Senate panel advances Biden pick as WH science adviser
WASHINGTON (AP) — The Senate Commerce Committee on Thursday approved President Joe Biden’s nomination of Eric Lander to be chief science adviser, one of the last unfilled Cabinet posts in the Biden administration.
Lander, a geneticist and founding director of the Broad Institute of MIT and Harvard, was the lead author of the first paper announcing the details of the human genome, the so-called “book of life.” He has been nominated as director of the White House Office of Science and Technology Policy, a position that Biden has elevated to Cabinet rank.
Sen. Maria Cantwell, D-Wash., the Commerce panel chair, said she wished Biden had named a woman for the job, but said Lander has pledged to work to elevate women and minorities in science.
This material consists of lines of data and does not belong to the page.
(* For a prime $p$ let $M_p=\{(n,p^a,np^a): n\in\mathbb{N},\ a\in\mathbb{N}\}$. There is a positive existential formula $\varphi(x,y,w)$ in the language $\{0,1,+,R\}$ such that for every prime $p$ and all $x,y,w\in\mathbb{N}$, the structure $\mathfrak{N}_p=(\mathbb{N};0,1,+,\mid_p)$ (with $R$ interpreted as $\mid_p$) satisfies $\varphi(x,y,w)$ if and only if $(x,y,w)\in M_p$.
   Context: $\mathbb{N}$ contains $0$. For a prime $p$, $x\mid_p y$ means $y=\pm xp^s$ for some $s\in\mathbb{Z}$. *)

From mathcomp Require Import all_boot all_order all_algebra.
Set Implicit Arguments. Unset Strict Implicit. Unset Printing Implicit Defensive.
Import GRing.Theory Num.Theory.

Definition pdiv (p x y : nat) : Prop :=
  exists (s : int) (e : bool),
    ((y%:R : rat) = (-1) ^+ e * (x%:R : rat) * (p%:R : rat) ^ s)%R.

Inductive term : Type :=
  | TVar : nat -> term
  | TZero : term
  | TOne : term
  | TPlus : term -> term -> term.

Inductive pef : Type :=
  | FEq : term -> term -> pef
  | FR : term -> term -> pef
  | FAnd : pef -> pef -> pef
  | FOr : pef -> pef -> pef
  | FEx : nat -> pef -> pef.

Fixpoint teval (e : nat -> nat) (t : term) : nat :=
  match t with
  | TVar i => e i
  | TZero => 0
  | TOne => 1
  | TPlus t1 t2 => teval e t1 + teval e t2
  end.

Definition upd (e : nat -> nat) (i v : nat) : nat -> nat :=
  fun j => if j == i then v else e j.

Fixpoint sat (p : nat) (e : nat -> nat) (f : pef) : Prop :=
  match f with
  | FEq t1 t2 => teval e t1 = teval e t2
  | FR t1 t2 => pdiv p (teval e t1) (teval e t2)
  | FAnd f1 f2 => sat p e f1 /\ sat p e f2
  | FOr f1 f2 => sat p e f1 \/ sat p e f2
  | FEx i f1 => exists v : nat, sat p (upd e i v) f1
  end.

Definition Mp (p x y w : nat) : Prop :=
  exists n a : nat, x = n /\ y = p ^ a /\ w = n * p ^ a.

(* Over N, x |_p y says that y p^i = x p^j for some i, j.  The formula is
     1 |_p y /\ x |_p w /\ (x+1) |_p (w+y) /\ (x+2) |_p (w+2y).
   The first conjunct makes y = p^a.  If X > 0, X |_p W and (X+1) |_p (W+p^a),
   clearing denominators gives X p^S + p^T = (X+1) p^U, and comparing powers of
   p forces S = T, i.e. W = X p^a, unless p divides X.  As p cannot divide both
   x and x+1, one of the pairs (x, w), (x+1, w+y) yields w = x p^a. *)

From Pilot Require Import Defs.
From mathcomp Require Import all_boot all_order all_algebra.
From mathcomp Require Import zify.
Set Implicit Arguments. Unset Strict Implicit.
Import GRing.Theory Num.Theory.

(* Over the naturals the sign in [x |_p y] is forced and a negative exponent can
   be cleared to the other side, so [pdiv] becomes a statement in [nat]. *)
Definition pdivn (p x y : nat) := exists i j : nat, (y * p ^ i = x * p ^ j)%N.

Section RationalForm.
Local Open Scope ring_scope.

Lemma pdivP p x y : (0 < p)%N -> Defs.pdiv p x y <-> pdivn p x y.
Proof.
move=> p_gt0; have p_neq0 : (p%:R : rat) != 0 by rewrite pnatr_eq0 -lt0n.
split=> [[s [[|] /= Ey]] | [i [j Ey]]].
- have : (y%:R : rat) <= 0.
    by rewrite Ey expr1 mulN1r mulr_le0_ge0 ?exprz_ge0 // oppr_le0.
  rewrite lern0 => /eqP y0.
  move: Ey; rewrite y0 expr1 mulN1r => /esym/eqP.
  rewrite mulf_eq0 oppr_eq0 expfz_eq0 (negbTE p_neq0) andbF orbF pnatr_eq0 => /eqP->.
  by exists 0%N, 0%N.
- move: Ey; rewrite expr0 mul1r; case: s => n Ey.
  + by exists 0%N, n; apply/eqP; rewrite muln1 -(eqr_nat rat) natrM natrX Ey.
  + exists n.+1, 0%N; apply/eqP; rewrite muln1 -(eqr_nat rat) natrM natrX Ey.
    by rewrite NegzE -invr_expz mulfVK // expf_neq0.
- exists (j%:Z - i%:Z), false; rewrite /= expr0 mul1r expfzDr // -invr_expz -!exprnP.
  have Ey' : y%:R * (p%:R : rat) ^+ i = x%:R * p%:R ^+ j by rewrite -!natrX -!natrM Ey.
  by rewrite mulrA -Ey' mulfK // expf_neq0.
Qed.

End RationalForm.

Section PowerSums.
Variable p : nat.
Hypothesis p_gt1 : 1 < p.

Let expp_gt0 n : 0 < p ^ n.
Proof. by rewrite expn_gt0 ltnW. Qed.

Lemma sum_expn_lt_dvdn X S T U : S < T ->
  X * p ^ S + p ^ T = (X + 1) * p ^ U -> p %| X.
Proof.
move=> /subnKC <-; set k := T - S.+1 => E.
case: (leqP U S) => [U_le_S | S_lt_U].
- have p_le : p <= p ^ (S - U + k).+1 by rewrite -{1}(expn1 p) leq_exp2l.
  have pX : X <= X * p ^ (S - U) by rewrite leq_pmulr.
  have : X * p ^ (S - U) + p ^ (S - U + k).+1 = X + 1.
    apply/eqP; rewrite -(eqn_pmul2r (expp_gt0 U)) mulnDl -!mulnA -!expnD.
    by rewrite subnK // addSn addnAC subnK // -addSn E.
  move: p_le pX; move: (X * p ^ _) (p ^ _.+1) => A B; lia.
- have : X + p ^ k.+1 = (X + 1) * p ^ (U - S).
    apply/eqP; rewrite -(eqn_pmul2r (expp_gt0 S)) mulnDl -mulnA -!expnD.
    by rewrite subnK 1?ltnW // addSn (addnC k) -addSn E.
  have p_dvd_pk : p %| p ^ k.+1 by rewrite dvdn_exp.
  move/(congr1 (dvdn p)); rewrite dvdn_addl // => ->.
  by rewrite dvdn_mull // dvdn_exp ?subn_gt0.
Qed.

Lemma sum_expn_gt_neq X S T U : 0 < X -> T < S ->
  X * p ^ S + p ^ T <> (X + 1) * p ^ U.
Proof.
move=> X_gt0 /subnKC <-; set k := S - T.+1 => E.
case: (leqP U T) => [U_le_T | T_lt_U].
- have p_le : p <= p ^ (T - U + k).+1 by rewrite -{1}(expn1 p) leq_exp2l.
  have X2 : X * 2 <= X * p ^ (T - U + k).+1 by rewrite leq_mul2l (leq_trans p_gt1) ?orbT.
  have := expp_gt0 (T - U).
  have : X * p ^ (T - U + k).+1 + p ^ (T - U) = X + 1.
    apply/eqP; rewrite -(eqn_pmul2r (expp_gt0 U)) mulnDl -!mulnA -!expnD.
    by rewrite subnK // addSn addnAC subnK // -addSn E.
  move: X2; move: (X * p ^ _.+1) (p ^ (T - U)) => A B; lia.
- have : X * p ^ k.+1 + 1 = (X + 1) * p ^ (U - T).
    apply/eqP; rewrite -(eqn_pmul2r (expp_gt0 T)) mulnDl mul1n -!mulnA -!expnD.
    by rewrite subnK 1?ltnW // addSn (addnC k) -addSn E.
  have p_dvd_Xpk : p %| X * p ^ k.+1 by rewrite dvdn_mull ?dvdn_exp.
  move/(congr1 (dvdn p)); rewrite dvdn_addr // dvdn_mull ?dvdn_exp ?subn_gt0 //.
  by rewrite dvdn1 => /eqP p1; move: p_gt1; rewrite p1.
Qed.

Lemma pdivn_succ_add a X W : 0 < X ->
  pdivn p X W -> pdivn p (X + 1) (W + p ^ a) -> W = X * p ^ a \/ p %| X.
Proof.
move=> X_gt0 [i [j EW]] [i' [j' EW']].
have E : X * p ^ (j + i') + p ^ (a + i + i') = (X + 1) * p ^ (j' + i).
  by rewrite !expnD !mulnA -EW -EW' !mulnDl mulnAC (mulnAC (p ^ a)).
case: (ltngtP (j + i') (a + i + i')) => [lt_ja | gt_ja | eq_ja].
- by right; apply: (sum_expn_lt_dvdn lt_ja E).
- by case: (sum_expn_gt_neq X_gt0 gt_ja E).
- have j_eq : j = a + i by apply/eqP; rewrite -(eqn_add2r i') eq_ja.
  by left; apply/eqP; rewrite -(eqn_pmul2r (expp_gt0 i)) EW j_eq expnD mulnA.
Qed.

End PowerSums.

Lemma pdivn_mulr p x a : pdivn p x (x * p ^ a).
Proof. by exists 0, a; rewrite muln1. Qed.

Lemma pdivn1l p y : prime p -> pdivn p 1 y -> exists a, y = p ^ a.
Proof.
move=> p_prime [i [j Ey]].
have : y %| p ^ j by rewrite -[p ^ j]mul1n -Ey dvdn_mulr.
by case/(dvdn_pfactor _ _ p_prime) => a _ ->; exists a.
Qed.

Lemma pdivn0l p w : 0 < p -> pdivn p 0 w -> w = 0.
Proof.
move=> p_gt0 [i [j]]; rewrite mul0n => /eqP.
by rewrite muln_eq0 expn_eq0 (gtn_eqF p_gt0) orbF => /eqP.
Qed.

Lemma pdivn_succ2_eq p a x w : prime p ->
  pdivn p x w -> pdivn p (x + 1) (w + p ^ a) ->
  pdivn p (x + 1 + 1) (w + p ^ a + p ^ a) -> w = x * p ^ a.
Proof.
move=> p_prime x_w x1_w1 x2_w2; have p_gt1 := prime_gt1 p_prime.
have [x0 | x_gt0] := posnP x.
  by rewrite x0 mul0n; apply: (pdivn0l (ltnW p_gt1)); rewrite -x0.
have [// | p_dvd_x] := pdivn_succ_add p_gt1 x_gt0 x_w x1_w1.
have [E1 | p_dvd_x1] := pdivn_succ_add p_gt1 (ltn_addr 1 x_gt0) x1_w1 x2_w2.
- by apply/eqP; rewrite -(eqn_add2r (p ^ a)) E1 mulnDl mul1n.
- by move: p_dvd_x1; rewrite dvdn_addr // dvdn1 => /eqP p1; move: p_gt1; rewrite p1.
Qed.

Lemma Mp_pdivnP p x y w : prime p ->
  Mp p x y w <->
  [/\ pdivn p 1 y, pdivn p x w, pdivn p (x + 1) (w + y) & pdivn p (x + 1 + 1) (w + y + y)].
Proof.
move=> p_prime; split=> [[n [a [-> [-> ->]]]] | [/(pdivn1l p_prime) [a ->] x_w x1_w1 x2_w2]].
- by split; [rewrite -[p ^ a]mul1n | | rewrite addn1 -mulSnr | rewrite !addn1 -!mulSnr];
    apply: pdivn_mulr.
- exists x, a; split=> //; split=> //.
  exact: (pdivn_succ2_eq p_prime x_w x1_w1 x2_w2).
Qed.

Definition Mp_formula : pef :=
  let x := TVar 0 in let y := TVar 1 in let w := TVar 2 in
  FAnd (FR TOne y) (FAnd (FR x w)
    (FAnd (FR (TPlus x TOne) (TPlus w y))
          (FR (TPlus (TPlus x TOne) TOne) (TPlus (TPlus w y) y)))).

Theorem lemma4p7 :
  exists phi : pef,
    forall p : nat, prime p ->
    forall (x y w : nat) (e : nat -> nat),
      e 0 = x -> e 1 = y -> e 2 = w ->
      (sat p e phi <-> Mp p x y w).
Proof.
exists Mp_formula => p p_prime x y w e <- <- <-.
have pdivE a b : Defs.pdiv p a b <-> pdivn p a b := pdivP a b (prime_gt0 p_prime).
rewrite Mp_pdivnP //=; split.
- by case=> /pdivE ? [/pdivE ? [/pdivE ? /pdivE ?]].
- by case=> /pdivE ? /pdivE ? /pdivE ? /pdivE ?.
Qed.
“Dr. Lander and I have come to a focus and understanding that the very first task (he) should focus on is helping all of us add diversity of women and minorities in the science field,” Cantwell said. “So he and I will be working aggressively on that.”
Lander’s nomination was approved on a voice vote. Six Republicans opposed Lander, including Sen. Marsha Blackburn of Tennessee, who said at his confirmation hearing that Lander’s meetings with the late Jeffrey Epstein, a disgraced financier who was charged with sex trafficking before his apparent suicide, were “of tremendous concern.”
Sen. Tammy Duckworth, D-Ill., who led the confirmation hearing in Cantwell’s absence, told Lander she was “troubled” by his meetings with Epstein, as well as by allegations that he downplayed the contributions of two Nobel Prize-winning female scientists.
Lander apologized for an essay he wrote that downplayed the work of the female scientists and called Epstein “an abhorrent individual.”